**Exercise instructions**
The entries below contain a line with "- by apply/negP => /eqP/setP/(_ r2);" and a line with "by move: (closedC e _ _ (joins_ends". Retype exactly everything from the first down to the second, both included, and nothing else.

**Data excerpts**
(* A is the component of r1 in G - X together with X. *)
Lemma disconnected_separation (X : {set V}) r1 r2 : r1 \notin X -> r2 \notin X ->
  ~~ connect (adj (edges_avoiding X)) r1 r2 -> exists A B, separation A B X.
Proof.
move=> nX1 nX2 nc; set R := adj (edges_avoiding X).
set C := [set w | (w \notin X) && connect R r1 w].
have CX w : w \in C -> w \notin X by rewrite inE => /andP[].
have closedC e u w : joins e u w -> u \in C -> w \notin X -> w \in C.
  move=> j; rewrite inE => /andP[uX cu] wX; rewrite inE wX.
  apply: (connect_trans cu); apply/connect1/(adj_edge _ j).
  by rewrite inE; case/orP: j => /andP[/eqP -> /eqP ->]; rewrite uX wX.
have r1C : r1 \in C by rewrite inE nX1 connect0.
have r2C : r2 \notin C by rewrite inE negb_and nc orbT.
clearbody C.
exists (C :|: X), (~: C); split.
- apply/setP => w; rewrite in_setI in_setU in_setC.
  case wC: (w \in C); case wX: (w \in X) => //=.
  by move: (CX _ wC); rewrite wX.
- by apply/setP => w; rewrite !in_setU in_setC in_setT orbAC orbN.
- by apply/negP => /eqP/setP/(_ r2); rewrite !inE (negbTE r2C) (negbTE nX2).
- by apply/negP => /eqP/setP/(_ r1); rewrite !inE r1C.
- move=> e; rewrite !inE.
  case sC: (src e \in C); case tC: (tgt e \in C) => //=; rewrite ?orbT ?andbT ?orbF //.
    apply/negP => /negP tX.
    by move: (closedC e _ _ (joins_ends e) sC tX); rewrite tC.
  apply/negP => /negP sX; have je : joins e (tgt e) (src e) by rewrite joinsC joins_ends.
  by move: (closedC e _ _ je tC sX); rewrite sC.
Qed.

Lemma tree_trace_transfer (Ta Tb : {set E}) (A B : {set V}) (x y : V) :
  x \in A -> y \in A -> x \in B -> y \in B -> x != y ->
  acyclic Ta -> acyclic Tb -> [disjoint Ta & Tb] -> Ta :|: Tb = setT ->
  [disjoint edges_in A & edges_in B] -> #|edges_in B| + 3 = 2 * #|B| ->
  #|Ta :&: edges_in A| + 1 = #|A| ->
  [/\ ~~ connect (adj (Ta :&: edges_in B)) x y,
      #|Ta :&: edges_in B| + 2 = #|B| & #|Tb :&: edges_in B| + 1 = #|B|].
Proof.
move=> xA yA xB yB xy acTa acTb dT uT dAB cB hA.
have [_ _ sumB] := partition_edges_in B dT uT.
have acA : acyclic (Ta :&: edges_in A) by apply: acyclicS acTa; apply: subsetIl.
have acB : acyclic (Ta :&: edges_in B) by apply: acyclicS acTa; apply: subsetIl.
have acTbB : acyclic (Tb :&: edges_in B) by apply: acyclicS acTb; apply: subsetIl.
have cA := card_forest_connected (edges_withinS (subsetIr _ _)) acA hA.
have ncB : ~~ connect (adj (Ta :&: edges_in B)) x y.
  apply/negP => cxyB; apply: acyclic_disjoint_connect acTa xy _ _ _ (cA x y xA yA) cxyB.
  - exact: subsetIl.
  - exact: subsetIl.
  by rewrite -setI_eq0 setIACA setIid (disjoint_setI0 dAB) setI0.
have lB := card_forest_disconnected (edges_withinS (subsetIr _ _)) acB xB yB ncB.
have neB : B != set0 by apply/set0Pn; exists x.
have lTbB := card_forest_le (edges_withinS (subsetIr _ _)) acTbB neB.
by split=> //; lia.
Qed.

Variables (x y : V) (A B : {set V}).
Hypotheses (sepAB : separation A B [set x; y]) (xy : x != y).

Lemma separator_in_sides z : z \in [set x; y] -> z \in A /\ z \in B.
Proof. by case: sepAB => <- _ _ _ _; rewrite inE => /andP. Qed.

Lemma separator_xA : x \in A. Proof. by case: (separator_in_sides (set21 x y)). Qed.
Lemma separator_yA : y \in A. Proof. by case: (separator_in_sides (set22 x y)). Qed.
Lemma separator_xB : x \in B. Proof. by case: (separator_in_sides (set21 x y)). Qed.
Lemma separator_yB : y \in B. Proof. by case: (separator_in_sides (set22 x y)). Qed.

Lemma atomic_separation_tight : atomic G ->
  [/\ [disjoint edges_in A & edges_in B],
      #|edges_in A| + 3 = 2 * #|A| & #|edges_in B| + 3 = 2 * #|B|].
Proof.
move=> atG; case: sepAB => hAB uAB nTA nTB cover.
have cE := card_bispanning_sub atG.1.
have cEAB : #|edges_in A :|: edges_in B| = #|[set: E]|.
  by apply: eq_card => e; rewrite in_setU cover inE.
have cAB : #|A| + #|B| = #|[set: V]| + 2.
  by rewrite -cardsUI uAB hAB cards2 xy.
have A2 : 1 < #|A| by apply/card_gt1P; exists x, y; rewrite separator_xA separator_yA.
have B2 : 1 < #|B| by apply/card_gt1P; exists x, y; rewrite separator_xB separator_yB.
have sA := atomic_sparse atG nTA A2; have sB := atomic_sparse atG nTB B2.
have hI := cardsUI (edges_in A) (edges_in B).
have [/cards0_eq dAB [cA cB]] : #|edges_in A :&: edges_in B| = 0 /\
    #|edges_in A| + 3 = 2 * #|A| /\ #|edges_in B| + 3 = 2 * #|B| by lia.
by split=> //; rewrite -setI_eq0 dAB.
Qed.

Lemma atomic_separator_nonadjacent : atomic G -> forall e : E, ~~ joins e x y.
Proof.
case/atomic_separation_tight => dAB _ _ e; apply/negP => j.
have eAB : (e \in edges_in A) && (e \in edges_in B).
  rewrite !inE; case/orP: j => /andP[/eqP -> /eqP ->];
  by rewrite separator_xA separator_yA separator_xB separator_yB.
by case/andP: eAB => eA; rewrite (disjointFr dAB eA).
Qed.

**Solved problem**
- by apply/negP => /eqP/setP/(_ r2); rewrite !inE (negbTE r2C) (negbTE nX2).
- by apply/negP => /eqP/setP/(_ r1); rewrite !inE r1C.
- move=> e; rewrite !inE.
  case sC: (src e \in C); case tC: (tgt e \in C) => //=; rewrite ?orbT ?andbT ?orbF //.
    apply/negP => /negP tX.
    by move: (closedC e _ _ (joins_ends e) sC tX); rewrite tC.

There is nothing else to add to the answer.